I always just order their main hotdog, the one covered in seaweed, that has won them all their accolades. But seeing as today I would need 4, and that I was feeling overwhelmed with the 14 options available I sought out help from the clerks. Together they choose their most popular 4, including their trademark dog.


“Kurobuta Terimayo”. Kurobuta pork, teriyaki sauce, seaweed, fried onions, and Japanese mayo. This was voted as one of the “101 things to taste before you die” by “Vancouver Magazine”. It had a good sausage, the meat was layered with spices. We found it similar to a Polish hot dog with its crunchy skin. It was aptly spiced without giving you too much heat. There was a good balance between the fried onions and seaweed, the perfect salty meets crunchy.


Another printed media mentioned hotdog was the “Okonomi”. Kurobuta pork, Japanese sauce, fried onions, Japanese Mayo, bonito flakes, and fried cabbage. It was like a mashed up Japanese pizza, but in a bun and over a dog. The wiener was same as the one before it, equally delicious in this assortment of ingredients. The crispy cabbage gave a nice crunch and the bonito flakes a light texture to enjoy.


“Love Meat”. Funny title aside, it was great for the lovers of meat. Arabiki pork sausage, cheese, in a beefy meat sauce. The hot dog was just another dog, the sauce is what set it a apart and tied it all together; and the cheese is what made all the difference. The texture was just right. Meaty and chewy with all the right juicy. For the meat lovers guy this is a great snack. It was inhaled in less than a minute.


“Croquette”. Arabiki pork sausage, fried cabbage, Japanese fried roll filled with mashed potatoes. This sausage was not as good a quality as the ones before it. It would have been better as a smokie. The high
expectations of it were not met, as the cheaper hot dog left you feeling a little short. Overall, it would have been a little better well done. And the croquettes would have been a little better on their own. They didn’t add value to the bun. The crispy nature of the croquette was lost in all the moisture from the heat of the meat and sogginess of the cabbage. And the cabbage only added a different texture, with no actual taste component.

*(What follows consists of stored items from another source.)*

(* Let $\mathcal{X}$ be an SP such that either $0$ is an absorbing state for $\mathcal{X}$ or there exists a supermartingale deflator $Y$ for $\mathcal{X}$ with $\{Y=0\}\subseteq\{X=0\}$ for all $X\in\mathcal{X}$, and let $\widetilde{T}$ be the $P$-a.s. unique stopping time such that $X=XI_{\llbracket 0,\widetilde{T}\llbracket}$ $P$-a.s. for all $X\in\mathcal{X}$ and such that there is a sequence $(\hat X^n)_{n\in\mathbb N}\subseteq\mathcal X$ with $\hat{T}^n:=\inf\{t\ge0:\hat{X}^n_t=0\}\nearrow\widetilde{T}$. Let $\tilde{\tau}:\Omega\to(0,\infty]$ be a random time such that for all $0\le s<t\le\infty$ with $P[\tilde{\tau}\in(s,t]]>0$, writing $Q^{(s,t)}:=P[\,\cdot\,|\,\tilde{\tau}\in(s,t]]$, there exists $\hat{X}^{(s,t)}\in\mathcal{X}$ which is strictly positive on $[0,s]$ $Q^{(s,t)}$-a.s., and every $X\in\mathcal{X}$ is zero on $[t,\infty)$ $Q^{(s,t)}$-a.s. Then $\tilde{\tau}=\widetilde{T}$ $P$-a.s.
   Context: Work on a filtered probability space $(\Omega,\mathcal{F},\mathbb{F},P)$, $\mathbb{F}=(\mathcal{F}_t)_{t\ge0}$ satisfying the usual conditions, $\mathcal{F}_0$ trivial; convention $0/0=1$. $\llbracket 0,\tau\llbracket=\{(\omega,t)\in\Omega\times[0,\infty):0\le t<\tau(\omega)\}$; the interval $(s,\infty]$ includes $\infty$. A set of processes (SP) is a set $\mathcal{X}$ of processes such that: (A) each $X\in\mathcal{X}$ is an adapted, nonnegative, $P$-a.s. right-continuous process on $[0,\infty)$ with $X_0=1$; (C) for $X,X'\in\mathcal{X}$ and $\alpha\in[0,1]$, $(1-\alpha)X+\alpha X'\in\mathcal{X}$; (D) for all $t\in[0,\infty)$, $A\in\mathcal{F}_t$, $X\in\mathcal{X}$ and $X'\in\mathcal{X}$ with $\{X'_t=0\}\subseteq\{X_t=0\}$ on $A$, the process $I_{A^c}X_\cdot + I_A (X_{t\wedge\cdot}/X'_t)X'_{t\vee\cdot}$ belongs to $\mathcal{X}$. $0$ is an absorbing state if $\{X_s=0\}\subseteq\{X_t=0\}$ for every $X\in\mathcal{X}$ and $0\le s<t<\infty$. A supermartingale deflator for $\mathcal{X}$ is a process $Y$ with $XY$ a supermartingale for every $X\in\mathcal{X}$. *)

From HB Require Import structures.
From mathcomp Require Import all_boot all_order all_algebra.
From mathcomp Require Import all_classical all_reals all_analysis.
From mathcomp Require Import measurable_realfun.
Set Implicit Arguments. Unset Strict Implicit. Unset Printing Implicit Defensive.
Import Order.TTheory GRing.Theory Num.Theory.
Import numFieldNormedType.Exports.
Local Open Scope classical_set_scope.
Local Open Scope ring_scope.

(* Time is [0, oo), encoded as real numbers t with 0 <= t; values of processes
   at negative times are irrelevant junk.  A process is a map time -> Omega -> R. *)
Definition process (T : Type) (R : realType) := R -> T -> R.

Section Defs.
Context {d : measure_display} {T : measurableType d} {R : realType}.
Variable P : probability T R.
Variable F : R -> set (set T).

Definition Gmeas (G : set (set T)) (f : T -> R) :=
  forall B : set R, measurable B -> G (f @^-1` B).

Definition usual_filtration :=
  (forall t, 0 <= t -> sigma_algebra setT (F t) /\ F t `<=` measurable) /\
  (forall s t, 0 <= s -> s <= t -> F s `<=` F t) /\
  (forall N : set T, (exists M, measurable M /\ N `<=` M /\ P M = 0%E) -> F 0 N) /\
  (forall t (A : set T), 0 <= t -> (forall u, t < u -> F u A) -> F t A) /\
  (forall A, F 0 A -> P A = 0%E \/ P A = 1%E).

Definition adapted (X : process T R) := forall t, 0 <= t -> Gmeas (F t) (X t).

Definition stopping_time (tau : T -> \bar R) :=
  (forall w, (0 <= tau w)%E) /\
  forall t, 0 <= t -> F t [set w | (tau w <= t%:E)%E].

(* supermartingale w.r.t. (F, P), conditional expectations unfolded:
   E[Z_t 1_A] <= E[Z_s 1_A] for s <= t and A in F_s *)
Definition supermartingale (Z : process T R) :=
  adapted Z /\
  (forall t, 0 <= t -> P.-integrable setT (fun w => (Z t w)%:E)) /\
  (forall s t (A : set T), 0 <= s -> s <= t -> F s A ->
     (\int[P]_(w in A) (Z t w)%:E <= \int[P]_(w in A) (Z s w)%:E)%E).

Definition ratio (a b : R) : R := if (a == 0) && (b == 0) then 1 else a / b.

(* I_{A^c} X + I_A (X_{t /\ .} / X'_t) X'_{t \/ .}, read as the pasting:
   X up to time t, then (X_t/X'_t) X' afterwards, on A *)
Definition concat (t : R) (A : set T) (X X' : process T R) : process T R :=
  fun u w => if `[< A w >] then
               (if u <= t then X u w else ratio (X t w) (X' t w) * X' u w)
             else X u w.

Definition is_SP (XX : set (process T R)) :=
  (forall X, XX X ->
     adapted X /\ (forall t w, 0 <= t -> 0 <= X t w) /\
     {ae P, forall w, forall t, 0 <= t -> X^~ w u @[u --> t^'+] --> X t w} /\
     (forall w, X 0 w = 1)) /\
  (forall X X' (a : R), XX X -> XX X' -> 0 <= a <= 1 ->
     XX (fun u w => (1 - a) * X u w + a * X' u w)) /\
  (forall t A X X', 0 <= t -> F t A -> XX X -> XX X' ->
     (forall w, A w -> X' t w = 0 -> X t w = 0) ->
     XX (concat t A X X')).

Definition zero_absorbing (XX : set (process T R)) :=
  forall X, XX X -> forall s t w, 0 <= s -> s < t -> X s w = 0 -> X t w = 0.

Definition supermartingale_deflator (XX : set (process T R)) (Y : process T R) :=
  forall X, XX X -> supermartingale (fun t w => X t w * Y t w).

(* first hitting time of zero, inf of the empty set = +oo *)
Definition hit0 (X : process T R) (w : T) : \bar R :=
  ereal_inf [set t%:E | t in [set t | 0 <= t /\ X t w = 0]].

Definition condP (E A : set T) : R := fine (P (A `&` E)) / fine (P E).

Definition cond_as (E : set T) (prop : T -> Prop) :=
  exists N, measurable N /\ [set w | ~ prop w] `<=` N /\ condP E N = 0.

End Defs.

From HB Require Import structures.
From mathcomp Require Import all_boot all_order all_algebra.
From mathcomp Require Import all_classical all_reals all_analysis.
From mathcomp Require Import measurable_realfun.
Set Implicit Arguments. Unset Strict Implicit. Unset Printing Implicit Defensive.
Import Order.TTheory GRing.Theory Num.Theory.
Import numFieldNormedType.Exports.
Local Open Scope classical_set_scope.
Local Open Scope ring_scope.

(* It suffices to compare the events {tau <= q} and {Ttil <= q} for rational q,
   since these are countably many and separate points of [0, +oo].  If tau <= q,
   conditioning on {0 < tau <= q} shows that every X in XX vanishes from time q on,
   so each hitting time of zero of Xh n is at most q and hence so is their limit
   Ttil.  If q < tau, conditioning on {q < tau} yields an X in XX that is positive
   at time q; since X vanishes from Ttil on, q < Ttil. *)

Lemma ereal_rat_between (R : realType) (a b : \bar R) : (0 <= a)%E -> (a < b)%E ->
  exists q : rat, (a <= (ratr q)%:E < b)%E.
Proof.
case: a => [r| |] //= _; case: b => [r'| |] //= rr'.
- have [q] := rat_in_itvoo rr'; rewrite in_itv /= => /andP[rq qr'].
  by exists q; rewrite lee_fin lte_fin (ltW rq) qr'.
- have [q] : exists q : rat, ratr q \in `]r, r + 1[ by apply: rat_in_itvoo; rewrite ltrDl.
  rewrite in_itv /= => /andP[rq _]; by exists q; rewrite lee_fin (ltW rq) ltry.
Qed.

Lemma ereal_le_rat (R : realType) (a b : \bar R) : (0 <= a)%E ->
  (forall q : rat, (a <= (ratr q)%:E)%E -> (b <= (ratr q)%:E)%E) -> (b <= a)%E.
Proof.
move=> a_ge0 ab; rewrite leNgt; apply/negP => /(ereal_rat_between a_ge0)[q].
by move=> /andP[/ab bq]; rewrite ltNge bq.
Qed.

Lemma ae_forall_countable d (T : measurableType d) (R : realType)
    (mu : {measure set T -> \bar R}) (I : countType) (Q : I -> T -> Prop) :
  (forall i, \forall x \ae mu, Q i x) -> \forall x \ae mu, forall i, Q i x.
Proof.
move=> Qae; have : \forall x \ae mu, forall n,
    if unpickle n is Some i then Q i x else True.
  by apply: ae_foralln => n; case: unpickle => [i|]; [exact: Qae|exact: nearW].
by apply: filterS => x Qx i; have := Qx (pickle i); rewrite pickleK.
Qed.

Lemma ae_on_of_cond_as d (T : measurableType d) (R : realType)
    (P : probability T R) (E : set T) (Q : T -> Prop) :
  measurable E -> ((0 < P E)%E -> cond_as P E Q) -> \forall w \ae P, E w -> Q w.
Proof.
move=> mE condQ; have [PE_gt0|PE_le0] := ltP 0%E (P E); last first.
  apply: (negligibleS _ (proj2 (negligibleP _ mE) _)).
    by move=> w /= /not_implyP[].
  by apply/eqP; rewrite -measure_le0.
have [N [mN [NQ condN0]]] := condQ PE_gt0.
exists (N `&` E); split; [exact: measurableI| |by move=> w /= /not_implyP[Ew /NQ]].
have PE_neq0 : fine (P E) != 0 by rewrite gt_eqF // -lte_fin fineK // fin_num_measure.
move/eqP: condN0; rewrite /condP mulf_eq0 invr_eq0 (negbTE PE_neq0) orbF => /eqP NE0.
by rewrite -[LHS]fineK ?NE0 // fin_num_measure //; exact: measurableI.
Qed.

Lemma measurable_preimage_itv_oc d (T : measurableType d) (R : realType)
    (f : T -> \bar R) (s : R) (t : \bar R) :
  measurable_fun [set: T] f -> measurable [set w | (s%:E < f w)%E /\ (f w <= t)%E].
Proof.
move=> mf; have := mf measurableT _ (emeasurable_itv `]s%:E, t]); rewrite setTI.
by congr measurable; apply/seteqP; split => w /=; rewrite in_itv /= => /andP.
Qed.

Lemma hit0_le d (T : measurableType d) (R : realType) (X : process T R) w (t : R) :
  0 <= t -> X t w = 0 -> (hit0 X w <= t%:E)%E.
Proof. by move=> t_ge0 Xt0; apply: ereal_inf_lbound; exists t. Qed.

Section tau_is_Ttil.
Context d (T : measurableType d) (R : realType) (P : probability T R).
Variables (XX : set (process T R)) (Ttil tau : T -> \bar R).
Hypothesis Ttil_ge0 : forall w, (0 <= Ttil w)%E.
Hypothesis XX_vanish_from_Ttil : forall X, XX X ->
  {ae P, forall w, forall t, 0 <= t ->
     X t w = X t w * (if (t%:E < Ttil w)%E then 1 else 0)}.
Hypothesis tau_meas : measurable_fun [set: T] tau.
Hypothesis tau_gt0 : forall w, (0 < tau w)%E.
Hypothesis tau_cond : forall (s : R) (t : \bar R), 0 <= s -> (s%:E < t)%E ->
  let E := [set w | (s%:E < tau w)%E /\ (tau w <= t)%E] in
  (0 < P E)%E ->
  (exists Xh, XX Xh /\ cond_as P E (fun w => forall u, 0 <= u <= s -> 0 < Xh u w)) /\
  (forall X, XX X -> cond_as P E (fun w => forall u : R, (t <= u%:E)%E -> X u w = 0)).

Lemma ae_vanish_after_tau X (q : R) : XX X ->
  \forall w \ae P, (tau w <= q%:E)%E -> X q w = 0.
Proof.
move=> XX_X; have [q_gt0|q_le0] := ltP 0 q; last first.
  by apply: aeW => w /(lt_le_trans (tau_gt0 w)); rewrite lte_fin ltNge q_le0.
have q_gt0E : (0%:E < q%:E)%E by rewrite lte_fin.
have := ae_on_of_cond_as (measurable_preimage_itv_oc 0 q%:E tau_meas)
  (fun PE_gt0 => (tau_cond (lexx 0) q_gt0E PE_gt0).2 _ XX_X).
by apply: filterS => w vanish tau_le; apply: vanish => //; split.
Qed.

Lemma ae_Ttil_le_of_tau_le (Xh : nat -> process T R) (q : R) :
  (forall n, XX (Xh n)) ->
  {ae P, forall w, (fun n => hit0 (Xh n) w) @ \oo --> Ttil w} ->
  \forall w \ae P, (tau w <= q%:E)%E -> (Ttil w <= q%:E)%E.
Proof.
move=> XX_Xh Xh_cvg.
have Xh_vanish := ae_foralln (fun n => ae_vanish_after_tau q (XX_Xh n)).
apply: filterS2 Xh_vanish Xh_cvg => w Xh_vanish Xh_cvg tau_le.
apply: (cvge_to_le Xh_cvg); apply: nearW => n; apply: hit0_le (Xh_vanish n tau_le).
by rewrite -lee_fin (le_trans (ltW (tau_gt0 w)) tau_le).
Qed.

Lemma ae_tau_le_of_Ttil_le (q : R) :
  \forall w \ae P, (Ttil w <= q%:E)%E -> (tau w <= q%:E)%E.
Proof.
have [q_ge0|q_lt0] := leP 0 q; last first.
  by apply: aeW => w /(le_trans (Ttil_ge0 w)); rewrite lee_fin leNgt q_lt0.
have mE := measurable_preimage_itv_oc q +oo%E tau_meas.
have [PE_gt0|PE_le0] := ltP 0%E (P [set w | (q%:E < tau w)%E /\ (tau w <= +oo)%E]).
- have [[X [XX_X X_pos]] _] := tau_cond q_ge0 (ltry q) PE_gt0.
  apply: filterS2 (ae_on_of_cond_as mE (fun=> X_pos)) (XX_vanish_from_Ttil XX_X).
  move=> w X_pos_w X_vanish Ttil_le; rewrite leNgt; apply/negP => q_lt_tau.
  have := X_pos_w (conj q_lt_tau (leey _)) q; rewrite q_ge0 lexx => /(_ isT).
  by rewrite X_vanish // ifF ?mulr0 ?ltxx // ltNge Ttil_le.
- apply: filterS (ae_on_of_cond_as (Q := fun=> False) mE _) => [w notE _|PE_gt0].
    by rewrite leNgt; apply/negP => q_lt_tau; apply: notE; split; rewrite ?leey.
  by move: PE_le0; rewrite leNgt PE_gt0.
Qed.

End tau_is_Ttil.

Theorem propositionA9 (d : measure_display) (T : measurableType d) (R : realType)
  (P : probability T R) (F : R -> set (set T))
  (XX : set (process T R)) (Ttil : T -> \bar R) (tau : T -> \bar R) :
  usual_filtration P F ->
  is_SP P F XX ->
  (zero_absorbing XX \/
   exists Y : process T R, supermartingale_deflator P F XX Y /\
     forall X, XX X -> forall t w, 0 <= t -> Y t w = 0 -> X t w = 0) ->
  stopping_time F Ttil ->
  (forall X, XX X ->
     {ae P, forall w, forall t, 0 <= t -> X t w = X t w * (if (t%:E < Ttil w)%E then 1 else 0)}) ->
  (exists Xh : nat -> process T R, (forall n, XX (Xh n)) /\
     {ae P, forall w, {homo (fun n => hit0 (Xh n) w) : n m / (n <= m)%N >-> (n <= m)%E} /\
        (fun n => hit0 (Xh n) w) @ \oo --> Ttil w}) ->
  measurable_fun [set: T] tau ->
  (forall w, (0 < tau w)%E) ->
  (forall (s : R) (t : \bar R), 0 <= s -> (s%:E < t)%E ->
     let E := [set w | (s%:E < tau w)%E /\ (tau w <= t)%E] in
     (0 < P E)%E ->
     (exists Xh, XX Xh /\ cond_as P E (fun w => forall u, 0 <= u <= s -> 0 < Xh u w)) /\
     (forall X, XX X -> cond_as P E (fun w => forall u : R, (t <= u%:E)%E -> X u w = 0))) ->
  {ae P, forall w, tau w = Ttil w}.
Proof.
(* The SP axioms, the alternative on 0 and the usual conditions only make Ttil
   well defined; identifying it with tau does not use them. *)
move=> _ _ _ [Ttil_ge0 _] XX_vanish [Xh [XX_Xh Xh_cvg]] tau_meas tau_gt0 tau_cond.
have {}Xh_cvg : {ae P, forall w, (fun n => hit0 (Xh n) w) @ \oo --> Ttil w}.
  by apply: filterS Xh_cvg => w [].
have Ttil_le := ae_forall_countable (fun q : rat =>
  ae_Ttil_le_of_tau_le tau_meas tau_gt0 tau_cond (ratr q) XX_Xh Xh_cvg).
have tau_le := ae_forall_countable (fun q : rat =>
  ae_tau_le_of_Ttil_le Ttil_ge0 XX_vanish tau_meas tau_cond (ratr q)).
apply: filterS2 Ttil_le tau_le => w Ttil_le tau_le.
apply/le_anti/andP; split; apply: ereal_le_rat => //; exact: ltW.
Qed.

The solution would have been to add more sauce, which is an option with their help yourself sauce bar. Though most find additional toppings unnecessary.


I made one a combo to get a serving of their “shaker fries” for cheaper. “Shichimi” & Garlic”, spicy fries with roasted garlic. Six flavours, so well seasoned that the use of ketchup was made an afterthought. Be sure you eat them fast, the heat from the brown bag made things very soggy, very fast. Maybe shake it in the bag, then pour it out into a cardboard container? I left forgetting the fries and my drink and the girl chased me down. She was genuinely apologetic with panted breath. That was appreciated.

Would I come back? – Yes.
Would I recommend? – Yes.
These aren’t your connivence store hot dogs. For those who like Japanese food, trying this Asian twist on an all American classic is a treat. A clever way to reinvent two already popular items into something exciting and new. With so many unique offerings multiple trips are needed to sample them all. And given that they have a stationary cart, a store front, and now a food truck you may not travel far to get your fix. It really speaks to the success of their quality tube steak, their business must be better than ever. Don’t deny your cravings.